“And you?” I asked Asunta with a mixture of boldness and stupidity. “What floor do you live on?”
She looked at me with her eyes of an overcast sea.
“Repeat what you just said,” she ordered.
“Why?” I said, more fool me.
“So you’ll realize your stupidity.”
I admitted it. This woman, with whom I had fallen in love, was educating me. She led me through the twelve permitted floors, from the entrance on the Plaza Vasco de Quiroga, greeting the guards, the concierge, the elevator operators, and from there to the second, third, and fourth floors, where female secretaries had abandoned typing and stenography for the tape recorder and the computer, where male secretaries signed or initialed correspondence with a flourish and also dictated it, where file clerks transferred the old, dusty correspondence of a company founded by Max Monroy’s mother (my secret interlocutor in a nameless graveyard) almost ninety years ago onto tapes, diskettes, and now iPods, blogs, memory sticks, USB drives, external disks, and from there to the fifth floor, where an army of accountants was at work, to the sixth, offices of the lawyers in the service of the enterprise, to the seventh, from which Max Monroy’s cultural concerns—opera, ballet, art editions—radiated outward, to the eighth, a space dedicated to invention, to the ninth and tenth, the floors where practical ideas were devised for modern technologies.

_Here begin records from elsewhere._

(* Let $\Sigma_1$ and $\Sigma_2$ be trees with $n$ vertices each containing exactly one marked vertex. If $\Sigma_1^*\cong\Sigma_2^*$, then $\Sigma_1\cong\Sigma_2$ (as trees with a marked vertex).
   Context: For a tree $\Sigma$ with exactly one marked vertex $m$, the dual graph $\Sigma^*$ is constructed as follows: its vertices are the edges of $\Sigma$, two joined by a simple edge iff the edges of $\Sigma$ share an endpoint; in addition there is one extra vertex $v$ (standing for the marked vertex), joined by a 2-fold edge to each vertex of $\Sigma^*$ corresponding to an edge of $\Sigma$ incident to $m$. Isomorphisms of dual graphs preserve edge multiplicities. *)

From mathcomp Require Import all_boot.
Set Implicit Arguments. Unset Strict Implicit. Unset Printing Implicit Defensive.

Definition is_tree (T : finType) (e : rel T) : Prop :=
  [/\ symmetric e, irreflexive e,
      (forall x y : T, connect e x y) &
      (forall c : seq T, uniq c -> 2 < size c -> ~~ cycle e c)].

Definition is_edge (T : finType) (e : rel T) (A : {set T}) : bool :=
  [exists x, exists y, e x y && (A == [set x; y])].

Definition edge_of (T : finType) (e : rel T) := {A : {set T} | is_edge e A}.

(* Vertices of the dual graph Sigma^*: [Some a] for an edge a of Sigma,
   [None] for the extra vertex v standing for the marked vertex. *)
Definition dual_vertex (T : finType) (e : rel T) := option (edge_of e).

Definition dual_mult (T : finType) (e : rel T) (m : T)
    (a b : dual_vertex e) : nat :=
  match a, b with
  | Some x, Some y =>
      if (x != y) && [exists v, (v \in val x) && (v \in val y)] then 1 else 0
  | None, Some y | Some y, None => if m \in val y then 2 else 0
  | None, None => 0
  end.
Arguments dual_mult {T} e m a b.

On the eleventh floor I worked with Asunta Jordán and an entire executive army, one floor below the thirteenth and fourteenth floors inhabited, as far as my imagination could tell, by Bluebeard and his disposable women.
Was Asunta one of them?
“You’re not a seminarian or a tutor,” she said as if she could sense in me a hero of a nineteenth-century novel as embodied by Gérard Philipe. “You’re not an ordinary run-of-the-mill employee because you were sent here by Licenciado Sanginés, whom Max Monroy loves and respects. And you’re not socially inferior, though you’re not actually socially superior either.”
She looked me over from head to toe.
“You have to dress better. And something else, Josué. It’s better not to have been born than to be ill bred, do you understand? Society rewards good manners. Appearances. Speaking well. Good form. Form is part of our power, even if we’re surrounded by fools or perhaps for that very reason.”

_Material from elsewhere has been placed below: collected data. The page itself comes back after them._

(* Let $\mathbb{F}$ be an algebraically closed field with $\mathrm{char}\,\mathbb{F}=2$ and $n\ge4$. Let $\underline{a}=(e_1,e_2,\mathbf{u}_1,\mathbf{v}_1,0,\ldots,0)\in\mathbb{M}^n$ and let $\underline{b}\in\mathbb{M}^n$ be such that $f(\underline{a})=f(\underline{b})$ for all $f\in S_n^{(3)}$. Then ${\rm G}_2\underline{a}={\rm G}_2\underline{b}$.
   Context: The split octonion algebra $\mathbf{O}$ is the 8-dimensional $\mathbb{F}$-vector space of formal matrices $a=\begin{pmatrix}\alpha&\mathbf{u}\\ \mathbf{v}&\beta\end{pmatrix}$ with $\alpha,\beta\in\mathbb{F}$, $\mathbf{u},\mathbf{v}\in\mathbb{F}^3$, with multiplication $\begin{pmatrix}\alpha&\mathbf{u}\\ \mathbf{v}&\beta\end{pmatrix}\begin{pmatrix}\alpha'&\mathbf{u}'\\ \mathbf{v}'&\beta'\end{pmatrix}=\begin{pmatrix}\alpha\alpha'+\mathbf{u}\cdot\mathbf{v}'&\alpha\mathbf{u}'+\beta'\mathbf{u}-\mathbf{v}\times\mathbf{v}'\\ \alpha'\mathbf{v}+\beta\mathbf{v}'+\mathbf{u}\times\mathbf{u}'&\beta\beta'+\mathbf{v}\cdot\mathbf{u}'\end{pmatrix}$ (dot product and cross product on $\mathbb{F}^3$). Trace $\mathrm{tr}(a)=\alpha+\beta$, norm $n(a)=\alpha\beta-\mathbf{u}\cdot\mathbf{v}$. With $\mathbf{c}_1$ the first standard basis vector of $\mathbb{F}^3$: $e_1$ has $\alpha=1$ and all else $0$, $e_2$ has $\beta=1$ and all else $0$, $\mathbf{u}_1$ has $\mathbf{u}=\mathbf{c}_1$ and all else $0$, $\mathbf{v}_1$ has $\mathbf{v}=\mathbf{c}_1$ and all else $0$. $\mathbb{M}=\left\{\begin{pmatrix}\alpha&(\gamma,0,0)\\(\delta,0,0)&\beta\end{pmatrix}\right\}\subseteq\mathbf{O}$ is the quaternion subalgebra. ${\rm G}_2=\mathrm{Aut}(\mathbf{O})$ acts diagonally on $\mathbf{O}^n$. $S_n^{(3)}$ is the set of functions on $\mathbf{O}^n$: $\underline{a}\mapsto n(a_i)$, $\underline{a}\mapsto\mathrm{tr}(a_i)$ ($1\le i\le n$), $\underline{a}\mapsto\mathrm{tr}(a_ia_j)$ ($1\le i<j\le n$), and $\underline{a}\mapsto\mathrm{tr}((a_ia_j)a_k)$ ($1\le i<j<k\le n$). *)

From mathcomp Require Import all_boot all_order all_algebra.
Set Implicit Arguments. Unset Strict Implicit. Unset Printing Implicit Defensive.
Import GRing.Theory.
Local Open Scope ring_scope.

Record vec3 (F : Type) := V3 { x1 : F; x2 : F; x3 : F }.

Section Octonions.
Variable F : fieldType.

Definition vadd (u v : vec3 F) := V3 (x1 u + x1 v) (x2 u + x2 v) (x3 u + x3 v).
Definition vscale (c : F) (u : vec3 F) := V3 (c * x1 u) (c * x2 u) (c * x3 u).
Definition vneg (u : vec3 F) := V3 (- x1 u) (- x2 u) (- x3 u).
Definition vzero : vec3 F := V3 0 0 0.
Definition dot (u v : vec3 F) : F := x1 u * x1 v + x2 u * x2 v + x3 u * x3 v.
Definition cross (u v : vec3 F) : vec3 F :=
  V3 (x2 u * x3 v - x3 u * x2 v) (x3 u * x1 v - x1 u * x3 v) (x1 u * x2 v - x2 u * x1 v).

(* Split octonion [alpha u ; v beta] *)
Record oct := Oct { oal : F; ou : vec3 F; ov : vec3 F; obe : F }.

Definition oadd (a b : oct) :=
  Oct (oal a + oal b) (vadd (ou a) (ou b)) (vadd (ov a) (ov b)) (obe a + obe b).
Definition oscale (c : F) (a : oct) :=
  Oct (c * oal a) (vscale c (ou a)) (vscale c (ov a)) (c * obe a).
Definition ozero : oct := Oct 0 vzero vzero 0.

Definition omul (a b : oct) : oct :=
  Oct (oal a * oal b + dot (ou a) (ov b))
      (vadd (vadd (vscale (oal a) (ou b)) (vscale (obe b) (ou a))) (vneg (cross (ov a) (ov b))))
      (vadd (vadd (vscale (oal b) (ov a)) (vscale (obe a) (ov b))) (cross (ou a) (ou b)))
      (obe a * obe b + dot (ov a) (ou b)).

Definition otr (a : oct) : F := oal a + obe a.
Definition onorm (a : oct) : F := oal a * obe a - dot (ou a) (ov a).

Definition c1 : vec3 F := V3 1 0 0.
Definition e1 : oct := Oct 1 vzero vzero 0.
Definition e2 : oct := Oct 0 vzero vzero 1.
Definition uu1 : oct := Oct 0 c1 vzero 0.
Definition vv1 : oct := Oct 0 vzero c1 0.

(* the quaternion subalgebra M *)
Definition inM (a : oct) : Prop :=
  x2 (ou a) = 0 /\ x3 (ou a) = 0 /\ x2 (ov a) = 0 /\ x3 (ov a) = 0.

Definition is_G2 (g : oct -> oct) : Prop :=
  [/\ forall c x y, g (oadd (oscale c x) y) = oadd (oscale c (g x)) (g y),
      bijective g &
      forall x y, g (omul x y) = omul (g x) (g y)].

Definition G2orbit (n : nat) (a : 'I_n -> oct) : ('I_n -> oct) -> Prop :=
  fun c => exists g, is_G2 g /\ forall i, c i = g (a i).

Definition S3_agree (n : nat) (a b : 'I_n -> oct) : Prop :=
  [/\ forall i, onorm (a i) = onorm (b i),
      forall i, otr (a i) = otr (b i),
      forall i j : 'I_n, (i < j)%N -> otr (omul (a i) (a j)) = otr (omul (b i) (b j)) &
      forall i j k : 'I_n, (i < j)%N -> (j < k)%N ->
        otr (omul (omul (a i) (a j)) (a k)) = otr (omul (omul (b i) (b j)) (b k))].

Definition a_std (n : nat) : 'I_n -> oct := fun i =>
  match nat_of_ord i with
  | 0 => e1 | 1 => e2 | 2 => uu1 | 3 => vv1 | _ => ozero end.

End Octonions.

From mathcomp Require Import all_boot all_order all_algebra.
From mathcomp Require Import ring.
Set Implicit Arguments. Unset Strict Implicit. Unset Printing Implicit Defensive.
Import GRing.Theory.
Local Open Scope ring_scope.

(* In characteristic 2 a traceless singular 2x2 matrix is [[x y, x^2], [y^2, x y]],
   so over an algebraically closed field square roots turn (b_3, b_4), which has
   the invariants of (u_1, v_1), into (g u_1, g v_1) for some g in SL_2 acting on
   O by conjugation.  Every other b_i is then g a_i, since a quaternion x is
   recovered from tr x, tr (x u_1), tr (x v_1) and tr ((x u_1) v_1), and these
   are read off from the invariants of the triple (b_i, b_3, b_4). *)

(* [simpl] would also unfold the field operations, which is very slow here. *)
Ltac oct_unfold := cbv [otr onorm omul oadd oscale ozero dot cross vadd vscale
  vneg vzero e1 e2 uu1 vv1 c1 oal ou ov obe x1 x2 x3].

Lemma eq_of_mulr1 (R : ringType) (u x y : R) : u = 1 -> x * u = y -> x = y.
Proof. by move=> -> <-; rewrite mulr1. Qed.

Section G2Orbits.
Variable F : fieldType.
Implicit Types g h : oct F -> oct F.

Lemma G2_comp g h : is_G2 g -> is_G2 h -> is_G2 (g \o h).
Proof.
case=> gZ gB gM [hZ hB hM]; split=> [c x y /=| | x y /=]; last by rewrite hM gM.
- by rewrite hZ gZ.
- exact: bij_comp.
Qed.

Lemma G2_inv g g' : is_G2 g -> cancel g g' -> cancel g' g -> is_G2 g'.
Proof.
case=> gZ _ gM gK g'K; split=> [c x y | | x y].
- by apply: (can_inj gK); rewrite gZ !g'K.
- by exists g.
- by apply: (can_inj gK); rewrite gM !g'K.
Qed.

Lemma G2orbit_eq n (a b : 'I_n -> oct F) g :
  is_G2 g -> (forall i, b i = g (a i)) -> forall c, G2orbit a c <-> G2orbit b c.
Proof.
move=> Gg bE c; have [g' gK g'K] : bijective g by case: Gg.
split=> -[h [Gh cE]].
- exists (h \o g'); split=> [|i]; first exact/G2_comp/(G2_inv Gg).
  by rewrite cE bE /= gK.
- by exists (h \o g); split=> [|i]; [exact: G2_comp | rewrite cE bE].
Qed.

End G2Orbits.

Section TraceForms.
Variable F : fieldType.
Implicit Types x y z : oct F.

Lemma otr_mulC x y : otr (omul x y) = otr (omul y x).
Proof.
case: x => ? [? ? ?] [? ? ?] ?; case: y => ? [? ? ?] [? ? ?] ?.
by oct_unfold; ring.
Qed.

Lemma otr_mul3_cycle x y z : otr (omul (omul x y) z) = otr (omul (omul z x) y).
Proof.
case: x => ? [? ? ?] [? ? ?] ?; case: y => ? [? ? ?] [? ? ?] ?.
case: z => ? [? ? ?] [? ? ?] ?.
by oct_unfold; ring.
Qed.

Lemma S3_agree_triple n (a b : 'I_n -> oct F) (i j k : 'I_n) :
  S3_agree a b -> (j < k)%N -> (i < j)%N || (k < i)%N ->
  [/\ otr (b i) = otr (a i),
      otr (omul (b i) (b j)) = otr (omul (a i) (a j)),
      otr (omul (b i) (b k)) = otr (omul (a i) (a k)) &
      otr (omul (omul (b i) (b j)) (b k)) = otr (omul (omul (a i) (a j)) (a k))].
Proof.
case=> _ bT bP bQ jk /orP[ij | ki]; split; try by rewrite bT.
- by rewrite bP.
- by rewrite bP // (ltn_trans ij jk).
- by rewrite bQ.
- by rewrite otr_mulC [RHS]otr_mulC bP // (ltn_trans jk ki).
- by rewrite otr_mulC [RHS]otr_mulC bP.
- by rewrite -otr_mul3_cycle -[RHS]otr_mul3_cycle bQ.
Qed.

End TraceForms.

Section Quaternions.
Variable F : fieldType.
Implicit Types x y : oct F.

Definition quat (a c d e : F) : oct F := Oct a (V3 c 0 0) (V3 d 0 0) e.

Lemma inMP x : inM x -> x = quat (oal x) (x1 (ou x)) (x1 (ov x)) (obe x).
Proof. by case: x => a [c ? ?] [d ? ?] e [/= -> [-> [-> ->]]]. Qed.

Lemma otr_quat a c d e : otr (quat a c d e) = a + e.
Proof. by []. Qed.

Lemma onorm_quat a c d e : onorm (quat a c d e) = a * e - c * d.
Proof. by rewrite /quat; oct_unfold; ring. Qed.

Lemma otr_quat_uu1 a c d e : otr (omul (quat a c d e) (uu1 F)) = d.
Proof. by rewrite /quat; oct_unfold; ring. Qed.

Lemma otr_quat_vv1 a c d e : otr (omul (quat a c d e) (vv1 F)) = c.
Proof. by rewrite /quat; oct_unfold; ring. Qed.

Lemma otr_quat_uu1_vv1 a c d e :
  otr (omul (omul (quat a c d e) (uu1 F)) (vv1 F)) = a.
Proof. by rewrite /quat; oct_unfold; ring. Qed.

Lemma quat_eq_of_otr x y : inM x -> inM y ->
  otr x = otr y ->
  otr (omul x (uu1 F)) = otr (omul y (uu1 F)) ->
  otr (omul x (vv1 F)) = otr (omul y (vv1 F)) ->
  otr (omul (omul x (uu1 F)) (vv1 F)) = otr (omul (omul y (uu1 F)) (vv1 F)) ->
  x = y.
Proof.
move=> /inMP -> /inMP ->.
rewrite !otr_quat !otr_quat_uu1 !otr_quat_vv1 !otr_quat_uu1_vv1 => tr_eq -> -> a_eq.
by rewrite a_eq in tr_eq *; rewrite (addrI _ tr_eq).
Qed.

End Quaternions.

Section Conjugation.
Variables (F : fieldType) (p q r s : F).

(* [cjij m11 m12 m21 m22] is the (i, j) entry of g M adj(g) for
   g = [[p, q], [r, s]] and M = [[m11, m12], [m21, m22]]. *)
Definition cj11 (m11 m12 m21 m22 : F) := (p * m11 + q * m21) * s - (p * m12 + q * m22) * r.
Definition cj12 (m11 m12 m21 m22 : F) := - ((p * m11 + q * m21) * q) + (p * m12 + q * m22) * p.
Definition cj21 (m11 m12 m21 m22 : F) := (r * m11 + s * m21) * s - (r * m12 + s * m22) * r.
Definition cj22 (m11 m12 m21 m22 : F) := - ((r * m11 + s * m21) * q) + (r * m12 + s * m22) * p.

(* The embedding SL_2 -> G_2: g conjugates both the quaternion block
   [[alpha, u_1], [v_1, beta]] and the complementary block [[u_2, v_3], [-u_3, v_2]]. *)
Definition sl2_act (x : oct F) : oct F :=
  let a := oal x in let c := x1 (ou x) in let d := x1 (ov x) in let e := obe x in
  let c2 := x2 (ou x) in let c3 := x3 (ou x) in let d2 := x2 (ov x) in let d3 := x3 (ov x) in
  Oct (cj11 a c d e)
      (V3 (cj12 a c d e) (cj11 c2 d3 (- c3) d2) (- cj21 c2 d3 (- c3) d2))
      (V3 (cj21 a c d e) (cj22 c2 d3 (- c3) d2) (cj12 c2 d3 (- c3) d2))
      (cj22 a c d e).

End Conjugation.

Section SL2Action.
Variables (F : fieldType) (p q r s : F).
Implicit Types x y : oct F.
Local Notation g := (sl2_act p q r s).

Lemma sl2_act_lin c x y : g (oadd (oscale c x) y) = oadd (oscale c (g x)) (g y).
Proof.
case: x => ? [? ? ?] [? ? ?] ?; case: y => ? [? ? ?] [? ? ?] ?.
rewrite /sl2_act /cj11 /cj12 /cj21 /cj22; oct_unfold.
by congr Oct; [|congr V3|congr V3|]; ring.
Qed.

Lemma sl2_act_inM x : inM x -> inM (g x).
Proof.
move/inMP->; rewrite /inM /sl2_act /cj11 /cj12 /cj21 /cj22 /quat; oct_unfold.
by do !split; ring.
Qed.

Lemma sl2_act_uu1 : g (uu1 F) = quat (- (p * r)) (p ^+ 2) (- r ^+ 2) (p * r).
Proof.
rewrite /sl2_act /cj11 /cj12 /cj21 /cj22 /quat; oct_unfold.
by congr Oct; [|congr V3|congr V3|]; ring.
Qed.

Lemma sl2_act_vv1 : g (vv1 F) = quat (q * s) (- q ^+ 2) (s ^+ 2) (- (q * s)).
Proof.
rewrite /sl2_act /cj11 /cj12 /cj21 /cj22 /quat; oct_unfold.
by congr Oct; [|congr V3|congr V3|]; ring.
Qed.

Hypothesis det1 : p * s - q * r = 1.

Lemma sl2_act_mul x y : g (omul x y) = omul (g x) (g y).
Proof.
case: x => ? [? ? ?] [? ? ?] ?; case: y => ? [? ? ?] [? ? ?] ?.
rewrite /sl2_act /cj11 /cj12 /cj21 /cj22; oct_unfold.
by congr Oct; [|congr V3|congr V3|]; apply: (eq_of_mulr1 det1); ring.
Qed.

Lemma sl2_act_otr x : otr (g x) = otr x.
Proof.
case: x => ? [? ? ?] [? ? ?] ?; rewrite /sl2_act /cj11 /cj22; oct_unfold.
by apply/esym/(eq_of_mulr1 det1); ring.
Qed.

Lemma sl2_actK : cancel g (sl2_act s (- q) (- r) p).
Proof.
have det1_sqr : (p * s - q * r) ^+ 2 = 1 by rewrite det1 expr1n.
case=> ? [? ? ?] [? ? ?] ?; rewrite /sl2_act /cj11 /cj12 /cj21 /cj22; oct_unfold.
by congr Oct; [|congr V3|congr V3|]; apply/esym/(eq_of_mulr1 det1_sqr); ring.
Qed.

End SL2Action.

Section SL2InG2.
Variables (F : fieldType) (p q r s : F).
Hypothesis det1 : p * s - q * r = 1.
Local Notation g := (sl2_act p q r s).

Lemma sl2_actVK : cancel (sl2_act s (- q) (- r) p) g.
Proof.
have det1V : s * p - (- q) * (- r) = 1 by rewrite mulrNN mulrC.
by have := sl2_actK det1V; rewrite !opprK.
Qed.

Lemma sl2_act_G2 : is_G2 g.
Proof.
split; [exact: sl2_act_lin | | exact: sl2_act_mul].
by exists (sl2_act s (- q) (- r) p); [exact: sl2_actK | exact: sl2_actVK].
Qed.

Lemma sl2_act_eq_of_otr x y : inM x -> inM y ->
  otr x = otr y ->
  otr (omul x (g (uu1 F))) = otr (omul y (uu1 F)) ->
  otr (omul x (g (vv1 F))) = otr (omul y (vv1 F)) ->
  otr (omul (omul x (g (uu1 F))) (g (vv1 F))) = otr (omul (omul y (uu1 F)) (vv1 F)) ->
  x = g y.
Proof.
move=> xM yM; rewrite -[x](sl2_actVK x).
rewrite -!(sl2_act_mul det1) !(sl2_act_otr det1) => tr_eq tr_u tr_v tr_uv.
congr sl2_act; apply: (quat_eq_of_otr _ yM tr_eq tr_u tr_v tr_uv).
exact: sl2_act_inM.
Qed.

End SL2InG2.

Lemma exists_sqrt (F : closedFieldType) (a : F) : exists x : F, x ^+ 2 = a.
Proof.
have [x xE] := @solve_monicpoly F 2 (nth 0 [:: a]) isT.
by exists x; rewrite xE !big_ord_recl big_ord0 /= mulr1 mul0r !addr0.
Qed.

Section Char2.
Variables (F : closedFieldType) (hchar : 2%N \in [pchar F]).
Implicit Types x y : oct F.

Lemma sqrf_inj_pchar2 : injective (fun x : F => x ^+ 2).
Proof. exact: (fmorph_inj (pFrobenius_aut hchar)). Qed.

Lemma nilpotent_quat_pchar2 x : inM x -> otr x = 0 -> onorm x = 0 ->
  exists p r : F, x = quat (p * r) (p ^+ 2) (r ^+ 2) (p * r).
Proof.
move/inMP->; move: (oal x) (x1 (ou x)) (x1 (ov x)) (obe x) => a c d e.
rewrite otr_quat onorm_quat => /eqP; rewrite addr_eq0 oppr_pchar2 // => /eqP ->.
have [p <-] := exists_sqrt c; have [r <-] := exists_sqrt d.
move=> /eqP; rewrite subr_eq0 -expr2 -exprMn => /eqP /sqrf_inj_pchar2 ->.
by exists p, r.
Qed.

Lemma exists_sl2_act_uu1_vv1 x y : inM x -> inM y ->
  otr x = 0 -> onorm x = 0 -> otr y = 0 -> onorm y = 0 -> otr (omul x y) = 1 ->
  exists p q r s : F, [/\ p * s - q * r = 1,
    x = sl2_act p q r s (uu1 F) & y = sl2_act p q r s (vv1 F)].
Proof.
move=> xM yM x_tr x_n y_tr y_n.
have [p [r ->]] := nilpotent_quat_pchar2 xM x_tr x_n.
have [q [s ->]] := nilpotent_quat_pchar2 yM y_tr y_n.
move=> xy_tr; exists p, q, r, s; split.
- rewrite oppr_pchar2 //; apply: sqrf_inj_pchar2; rewrite /= expr1n -xy_tr.
  by rewrite /quat; oct_unfold; ring.
- by rewrite sl2_act_uu1 !oppr_pchar2.
- by rewrite sl2_act_vv1 !oppr_pchar2.
Qed.

End Char2.

Lemma a_std_inM (F : fieldType) n (i : 'I_n) : inM (@a_std F n i).
Proof. by rewrite /a_std; case: (nat_of_ord i) => [|[|[|[|m]]]]. Qed.

Theorem lemma7p8 (F : closedFieldType) (hchar : 2%N \in [pchar F]) (n : nat)
  (hn : (4 <= n)%N) (b : 'I_n -> oct F) (hbM : forall i, inM (b i))
  (hS : S3_agree (@a_std F n) b) :
  forall c, G2orbit (@a_std F n) c <-> G2orbit b c.
Proof.
pose i2 := Ordinal (ltnW hn); pose i3 := Ordinal hn.
have [bN bT bP _] := hS.
have [p [q [r [s [det1 b2E b3E]]]]] : exists p q r s : F, [/\ p * s - q * r = 1,
    b i2 = sl2_act p q r s (uu1 F) & b i3 = sl2_act p q r s (vv1 F)].
  apply: exists_sl2_act_uu1_vv1 => //.
  - by rewrite -bT; exact: addr0.
  - by rewrite -bN /onorm /dot /=; ring.
  - by rewrite -bT; exact: addr0.
  - by rewrite -bN /onorm /dot /=; ring.
  - by rewrite -bP // /otr /omul /dot /=; ring.
have bE i : b i = sl2_act p q r s (a_std F i).
  have [/orP[]/eqP-> // | i_out] := boolP ((i == i2) || (i == i3)).
  have : (i < 2)%N || (3 < i)%N.
    by move: i_out; rewrite -!val_eqE /=; case: i => [[|[|[|[|m]]]] ?].
  case/(S3_agree_triple hS (isT : (i2 < i3)%N)) => tr_eq tr_u tr_v tr_uv.
  apply: (sl2_act_eq_of_otr det1 (hbM i) (a_std_inM F i) tr_eq).
  - by rewrite -b2E; exact: tr_u.
  - by rewrite -b3E; exact: tr_v.
  - by rewrite -b2E -b3E; exact: tr_uv.
exact: G2orbit_eq (sl2_act_G2 det1) bE.
Qed.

She elaborated—from floor to floor—speaking about the Mexican cultivation of form.
“We’re the Italians of America, more than the Argentines,” she said in the elevator, “because we were a viceroyalty and above all because we descended from the Aztecs, not from boats.”
“An old joke,” I dared to say. Asunta seemed to be repeating something she had learned.
She laughed, as if in approval. “Since you’re none of that, it’s right for you to learn to be what you’re going to be.”
“And what I want to be?”
“From now on, that’s no longer different from what you’re going to be.”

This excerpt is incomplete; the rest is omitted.